Jacob Spon, a French doctor and archaeologist, was a pioneer in the exploration of the monuments of Greece and a scholar of international reputation in the developing "Republic of Letters".
Background
He was born in Lyon, France, in 1647. His father was Charles Spon, a doctor and Hellenist, of a wealthy and cultured Calvinist banking family from Ulm that had been established since 1551 at Lyon, where they were members of the bourgeois élite.
Education
Following medical studies at Strasburg, the younger Spon first met the son of a friend of his father, Charles Patin, who introduced him to antiquarian interests and the study of numismatics, then as now a window into the world of Classical Antiquity.
Career
He is famous as a pioneer in the exploration of the monuments of Greece, travelling there in1675-1676with the Englishman (Sir) George Wheler (1650-1723), whose collection of antiquities was afterwards bequeathed to Oxford University.
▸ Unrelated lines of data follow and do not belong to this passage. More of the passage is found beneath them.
Lemma is_derive_cos_sum s n (u : R) : is_derive u 1 (cos_sum s n) (- sin_sum s n.+1 u).
Proof.
elim: s => [|[c d] s IH].
  have -> : cos_sum [::] n = cst 0 by apply/funext => v; rewrite /cos_sum big_nil.
  by rewrite /sin_sum big_nil oppr0; exact: is_derive_cst.
have -> : cos_sum ((c, d) :: s) n = (fun v => c * d ^+ n * cos (d * v)) + cos_sum s n.
  by apply/funext => v; rewrite /cos_sum big_cons.
rewrite /sin_sum big_cons opprD exprSr mulrA.
by apply: is_deriveD => //; exact: is_derive_cosZ.
Qed.

Lemma cos_sum_at0 s n : cos_sum s n 0 = \sum_(cd <- s) cd.1 * cd.2 ^+ n.
Proof. by apply: eq_bigr => cd _; rewrite mulr0 cos0 mulr1. Qed.

Lemma odd_moments_eq0 s : (\forall u \near 0, sin_sum s 0 u = 0) ->
  forall k, \sum_(cd <- s) cd.1 * cd.2 ^+ k.*2.+1 = 0.
Proof.
move=> /nbhs_ballP[e e_gt0 sin_sum0]; pose A := ball (0 : R) e.
have oA : open A := ball_open 0 e.
have even k x : A x -> sin_sum s k.*2 x = 0.
  elim: k x => [|k IH] //.
  have cos0 := is_derive_eq0_open oA (is_derive_sin_sum _ _) IH.
  move=> x Ax; apply/oppr_inj; rewrite oppr0.
  exact: (is_derive_eq0_open oA (is_derive_cos_sum _ _) cos0).
move=> k; rewrite -cos_sum_at0.
by rewrite (is_derive_eq0_open oA (is_derive_sin_sum _ _) (even k)) //; exact: ballxx.
Qed.
End trigonometric_sums.

Section lebesgue_measure_invariance.
Context {R : realType}.
Local Notation leb := (@lebesgue_measure R).
Local Notation RT := (measurableTypeR R).

Section measure_preserving.
Context {phi : RT -> RT}.
Hypothesis mphi : measurable_fun [set: RT] phi.
Hypothesis phi_preserving :
  forall A : set RT, measurable A -> pushforward leb phi A = leb A.

Let integral_pushforward_leb (F : RT -> \bar R) :
  (\int[pushforward leb phi]_x F x = \int[leb]_x F x)%E.
Proof. by apply: eq_measure_integral => A mA _; exact: phi_preserving. Qed.
(* Let $T$ be a finite graph such that every graph homomorphism $T\to T$ is an automorphism (i.e. $\mathrm{End}(T)=\mathrm{Aut}(T)$). If there is a path component of $\mathrm{Hom}(T,K_{\chi(T)})$ which is invariant under the action of $\mathrm{Aut}(T)$ (acting by $f\mapsto f\circ\gamma$), then there exists a graph $G$ with $\chi(G)=\chi(T)$ such that $\mathrm{Hom}(T,G)$ is non-empty and connected.
   Context: Graphs are pairs $(V(G),E(G))$ with $E(G)\subseteq V(G)\times V(G)$ a symmetric relation (loops allowed); a graph homomorphism $f\colon G\to H$ is a map $V(G)\to V(H)$ with $(f(u),f(v))\in E(H)$ for all $(u,v)\in E(G)$. $K_r$ is the complete graph on $r$ vertices without loops, $\chi$ the chromatic number. For graphs $T,G$, $\mathrm{Hom}(T,G)$ is a cell complex whose vertices are the graph homomorphisms $T\to G$, and two homomorphisms are joined by an edge if and only if they differ at exactly one vertex of $T$; path components and connectedness may be computed in the graph formed by these vertices and edges; ''connected'' means non-empty and path-connected. *)

From mathcomp Require Import all_boot.
Set Implicit Arguments. Unset Strict Implicit. Unset Printing Implicit Defensive.

Definition sym_graph (V : finType) (e : rel V) : Prop := symmetric e.

Definition is_hom (T V : finType) (eT : rel T) (eV : rel V) (f : T -> V) : Prop :=
  forall u v, eT u v -> eV (f u) (f v).

Definition is_homb (T V : finType) (eT : rel T) (eV : rel V) (f : {ffun T -> V}) : bool :=
  [forall u, forall v, eT u v ==> eV (f u) (f v)].

Definition Kedge (n : nat) : rel 'I_n := fun x y => x != y.

Definition chromatic (T : finType) (eT : rel T) (n : nat) : Prop :=
  (exists f : T -> 'I_n, is_hom eT (@Kedge n) f) /\
  (forall m (g : T -> 'I_m), is_hom eT (@Kedge m) g -> n <= m).

Definition is_aut (T : finType) (eT : rel T) (g : T -> T) : Prop :=
  exists h : T -> T, [/\ cancel g h, cancel h g, is_hom eT eT g & is_hom eT eT h].

(* Edges of (the 1-skeleton of) Hom(T,V): two homs differing at exactly one vertex *)
Definition hom_adj (T V : finType) (eT : rel T) (eV : rel V) : rel {ffun T -> V} :=
  fun f g => [&& is_homb eT eV f, is_homb eT eV g & #|[set x | f x != g x]| == 1].

Definition hom_conn (T V : finType) (eT : rel T) (eV : rel V) (f g : {ffun T -> V}) : bool :=
  connect (hom_adj eT eV) f g.

Definition hom_connected (T V : finType) (eT : rel T) (eV : rel V) : Prop :=
  (exists f : {ffun T -> V}, is_homb eT eV f) /\
  (forall f g : {ffun T -> V}, is_homb eT eV f -> is_homb eT eV g -> hom_conn eT eV f g).

From mathcomp Require Import all_boot zify.
Set Implicit Arguments. Unset Strict Implicit. Unset Printing Implicit Defensive.

(* G is T with, for every endomorphism g of T, a cylinder T x [0, K] attached: level 0
   is glued to T by the identity and level K by g.  A homomorphism h : T -> G misses
   some level c of every cylinder (K >= |T|), so the cylinders cut at c deformation
   retract onto the base copy of T: moving one vertex at a time, h is connected in
   Hom(T, G) to some endomorphism psi of T, viewed in the base.  Since psi is an
   automorphism, walking psi through the cylinder of psi^-1 connects it to the
   identity.  For the colouring, the cylinder of g is coloured level by level along
   a path in Hom(T, K_n) from f0, taken in the Aut(T)-invariant component, to f0 o g;
   so G is n-colourable, and it contains T. *)

Section HomComplex.
Variables (T V : finType) (eT : rel T) (eV : rel V).
Hypotheses (symT : symmetric eT) (symV : symmetric eV).
(* Let $\mathcal{H}$ be a Hilbert superspace of parity $n\in\mathbb{Z}_2$, and let $J_1,J_2$ be two fundamental symmetries for $\mathcal{H}$. Then the Hilbert-space topologies on $\mathcal{H}$ defined by the positive definite scalar products $(x,y)_{J_1}=\langle x,J_1(y)\rangle$ and $(x,y)_{J_2}=\langle x,J_2(y)\rangle$ coincide. Consequently, the algebra $\mathcal{B}(\mathcal{H})$ of continuous endomorphisms of $\mathcal{H}$ does not depend on the choice of fundamental symmetry.
   Context: A complex $\mathbb{Z}_2$-graded vector space is $\mathcal{H}=\mathcal{H}_0\oplus\mathcal{H}_1$; $|x|\in\mathbb{Z}_2$ denotes the degree of a homogeneous element $x$. A sesquilinear form $\langle-,-\rangle$ (antilinear in the first variable) is superhermitian if $\overline{\langle x,y\rangle}=(-1)^{|x||y|}\langle y,x\rangle$ for homogeneous $x,y$. It is homogeneous of degree $n$ if $\langle x,y\rangle=0$ whenever $|x|+|y|\neq n$. A Hilbert superspace of parity $n\in\mathbb{Z}_2$ is a complex $\mathbb{Z}_2$-graded vector space $\mathcal{H}$ with a superhermitian sesquilinear inner product $\langle-,-\rangle$, homogeneous of degree $n$, for which there exists a fundamental symmetry. A fundamental symmetry is an endomorphism $J$ of $\mathcal{H}$, homogeneous of degree $n$, with the following properties for all homogeneous $x,y$: - $J^2(x)=(-1)^{(n+1)|x|}x$; - $\langle J(x),J(y)\rangle=\langle x,y\rangle$; - $(x,y)_J:=\langle x,J(y)\rangle$ is a hermitian positive definite scalar product for which $\mathcal{H}$ is complete. *)

From Stdlib Require Export Reals.
Open Scope R_scope.

Record Cx := mkC { Re : R; Im : R }.
Definition C0 : Cx := mkC 0 0.
Definition C1 : Cx := mkC 1 0.
Definition Cadd (a b : Cx) : Cx := mkC (Re a + Re b) (Im a + Im b).
Definition Copp (a : Cx) : Cx := mkC (- Re a) (- Im a).
Definition Cmul (a b : Cx) : Cx :=
  mkC (Re a * Re b - Im a * Im b) (Re a * Im b + Im a * Re b).
Definition Cconj (a : Cx) : Cx := mkC (Re a) (- Im a).

Record CVS := {
  vcar :> Type;
  vadd : vcar -> vcar -> vcar;
  vzero : vcar;
  vopp : vcar -> vcar;
  vscal : Cx -> vcar -> vcar;
  vaddA : forall x y z, vadd x (vadd y z) = vadd (vadd x y) z;
  vaddC : forall x y, vadd x y = vadd y x;
  vadd0 : forall x, vadd x vzero = x;
  vaddN : forall x, vadd x (vopp x) = vzero;
  vscal1 : forall x, vscal C1 x = x;
  vscalA : forall a b x, vscal a (vscal b x) = vscal (Cmul a b) x;
  vscalDv : forall a x y, vscal a (vadd x y) = vadd (vscal a x) (vscal a y);
  vscalDc : forall a b x, vscal (Cadd a b) x = vadd (vscal a x) (vscal b x)
}.

Arguments vadd {_}. Arguments vzero {_}. Arguments vopp {_}. Arguments vscal {_}.
(* Let $F$ be a field of characteristic $2$ with subfield of squares $F^2$. The map $F\times F\to W_{ssq}(F)$, $(\alpha,\alpha')\mapsto$ Witt class of $\langle\alpha\,|\,\alpha'\rangle$, induces a well-defined group homomorphism $$\Phi\colon F\otimes_{F^2}F\to W_{ssq}(F),\qquad \alpha\otimes\alpha'\mapsto\langle\alpha\,|\,\alpha'\rangle,$$ and $\Phi$ is an isomorphism of groups.
   Context: Let $F$ be a field of characteristic $2$. A separated symplectic quadratic space over $F$ is a triple $(V,q,q')$ where $V$ is a finite-dimensional $F$-vector space, $q$ is a totally singular quadratic form on $V$ and $q'$ is a totally singular quadratic form on the dual space $V^*$ (a quadratic form $Q$ is totally singular if $Q(x+y)=Q(x)+Q(y)$ for all $x,y$). Two such spaces $(V_1,q_1,q_1')$, $(V_2,q_2,q_2')$ are isometric if there is a linear isomorphism $L\colon V_1\to V_2$ with $q_2\circ L=q_1$ and $q_1'\circ L^*=q_2'$ ($L^*$ the dual map). Orthogonal sum: $(V_1\oplus V_2,q_1\perp q_2,q_1'\perp q_2')$ using $(V_1\oplus V_2)^*=V_1^*\oplus V_2^*$. For a subspace $U\subset V$, $U^{o}=\{\varphi\in V^*:\varphi(U)=0\}$. The space is metabolic if there exists a subspace $U\subset V$ (of any dimension) with $q(U)=\{0\}$ and $q'(U^o)=\{0\}$. $W_{ssq}(F)$ is the Witt group of separated symplectic quadratic spaces: isometry classes modulo $\varphi\sim\psi$ iff $\varphi\perp\mu\simeq\psi\perp\mu'$ for metabolic $\mu,\mu'$, with operation induced by orthogonal sum. For $\alpha,\alpha'\in F$, $\langle\alpha\,|\,\alpha'\rangle$ is the one-dimensional space $(F,q,q')$ with $q(1)=\alpha$ and $q'(1^* )=\alpha'$, where $1^*$ is the dual basis vector of $1$. *)

From HB Require Import structures.
From mathcomp Require Import all_boot all_order all_algebra.
Set Implicit Arguments. Unset Strict Implicit. Unset Printing Implicit Defensive.
Import Order.TTheory GRing.Theory Num.Theory.
Local Open Scope ring_scope.
Lemma act_ca_ab_abc x (i j : nat) :
  act op x (wpow [:: c; a] i ++ ab j ++ [:: a; b; c])
  = act op x (wpow [:: c; a] i.+1 ++ wpow [:: b; a] j ++ [:: b]).
Proof.
rewrite wpowSr -catA.
have -> : [:: c; a] ++ wpow [:: b; a] j ++ [:: b]
          = c :: a :: wpow [:: b; a] j ++ [:: b] by [].
rewrite -wpow_rot -cat_cons (acteq_fix_wpow _ R1) -catA.
by rewrite (acteq_fix R1 : acteq ([:: c] ++ _) _).
Qed.

Variables (q : nat) (n : int).
Hypothesis R2 : act op a (wpow [:: c; a] q) = act op b (ab n).
Hypothesis R3 : act op a (wpow [:: a; c] q) = act op b (ab n).

Lemma act_a_ca_ab : act op a (wpow [:: c; a] q ++ ab (- n)) = b.
Proof. by rewrite act_cat R2 -act_cat wpowN acteq_cat_rev. Qed.

Lemma act_a_ac_ab : act op a (wpow [:: a; c] q ++ ab (- n)) = b.
Proof. by rewrite act_cat R3 -act_cat wpowN acteq_cat_rev. Qed.

Lemma act_a_ca_double : act op a (wpow [:: c; a] (q + q)%N) = a.
Proof. by rewrite wpowD act_cat R2 -R3 -act_cat -(rev_wpow2 a c) acteq_cat_rev. Qed.

Lemma act_a_ac_double : act op a (wpow [:: a; c] (q + q)%N) = a.
Proof. by rewrite -(rev_wpow2 c a); apply: act_fix_rev; exact: act_a_ca_double. Qed.

Lemma act_c_ac_double : act op c (wpow [:: a; c] (q + q)%N) = c.
Proof.
have c_conj : act op c (wpow [:: c; a] q ++ a :: wpow [:: a; c] q) = op c a.
  have c_conj_b : act op c [:: act op b (ab n)] = op c b.
    by rewrite acteq_act -wpowN act_cat act_c_ab acteq_b_ab act_cat act_c_ab.
  by rewrite -R3 acteq_act rev_wpow2 -(op_eq_of_fix2 R1) in c_conj_b.
have c_fix : act op c ((wpow [:: c; a] q ++ a :: wpow [:: a; c] q) ++ [:: a; c]) = c.
  by rewrite act_cat c_conj /act /= opK opxx.
by rewrite -[RHS]c_fix -catA cat_cons -wpowSr wpowS cat_cons acteq_cons2 cat1s
  wpow_rot act_idem -wpowD.
Qed.

Lemma acteq_cb_double (i : nat) :
  acteq (wpow [:: c; b] (i + i)%N) (wpow [:: c; a] (i + i)%N).
Proof.
have cbcb : acteq ([:: c; b] ++ [:: c; b]) ([:: c; a] ++ [:: c; a]).
  exact: acteq_sq_of_comm (acteq_fix R1).
by rewrite !wpow_double cbcb.
Qed.

Lemma acteq_bc_double (i : nat) :
  acteq (wpow [:: b; c] (i + i)%N) (wpow [:: a; c] (i + i)%N).
Proof.
by rewrite -(rev_wpow2 c b) -(rev_wpow2 c a); apply/acteq_rev/acteq_cb_double.
Qed.

Lemma act_b_cb_double : act op b (wpow [:: c; b] (q + q)%N) = b.
Proof.
rewrite acteq_cb_double -[in LHS]act_a_ac_ab -act_cat -catA.
rewrite (normalizes1_comm _ (normalizes_wpow_double q normalizes_ca)) wpowD -catA catA.
by rewrite -(rev_wpow2 c a) acteq_rev_cat act_a_ca_ab.
Qed.

Lemma act_a_ba_of_normalizer x :
  normalizes [:: a; b] 1 x -> act op a (wpow [:: a; c] q) = act op a x ->
  act op a (x ++ x) = a -> act op b (wpow [:: b; c] q) = act op b x ->
  act op a (wpow [:: b; a] n) = act op b (wpow [:: b; c] q).
Proof.
move=> xN ax axx ->; rewrite wpow2N -[in RHS]act_a_ac_ab -act_cat -catA act_cat ax.
by rewrite -act_cat (normalizes1_comm _ xN) catA act_cat axx.
Qed.

Lemma act_a_ba : act op a (wpow [:: b; a] n) = act op b (wpow [:: b; c] q).
Proof.
move: (odd_double_half q); rewrite -addnn; case: (odd q) => q_eq.
  (* For q = 2r + 1, the element c^((ac)^r) acts on a like (ac)^q. *)
  set r := q./2 in q_eq; pose e := act op c (wpow [:: a; c] r).
  have e_word : acteq [:: e] (c :: wpow [:: a; c] (r + r)%N).
    by rewrite acteq_act rev_wpow2 wpow_rot -wpowD.
  apply: (act_a_ba_of_normalizer (x := [:: e])).
  - by apply: normalizes_fix; rewrite -act_cat act_c_ac_ab.
  - by rewrite e_word -q_eq add1n wpowS cat_cons act_idem.
  - exact: (acteq_cons2 e [::] a).
  - by rewrite e_word -q_eq add1n wpowS cat_cons act_idem acteq_bc_double.
apply: (act_a_ba_of_normalizer (x := wpow [:: a; c] q)) => //.
- by rewrite -q_eq add0n; apply: normalizes_wpow_double normalizes_ac.
- by rewrite -wpowD act_a_ac_double.
- by rewrite -q_eq add0n acteq_bc_double.
Qed.

End Relations.

End InvolutoryQuandle.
Spon brought back many valuable treasures, coins, inscriptions and manuscripts, and in later years published various important works on archaeology, notably his Voyage d'Italie, de Dalmatie, de Grece et du Levant (1678), and a Histoire de la republique de Geneve (1680).
The Revocation of the Edict of Nantes, October 1685, was indirectly the cause of Spon's death. Rather than abjure his Calvinist faith he preferred to leave for Zurich, an illegal move. His money and baggage stolen from him, and in fragile health, he died of tuberculosis in the canton hospital at Vevey, Christmas Day 1685, at the age of 38.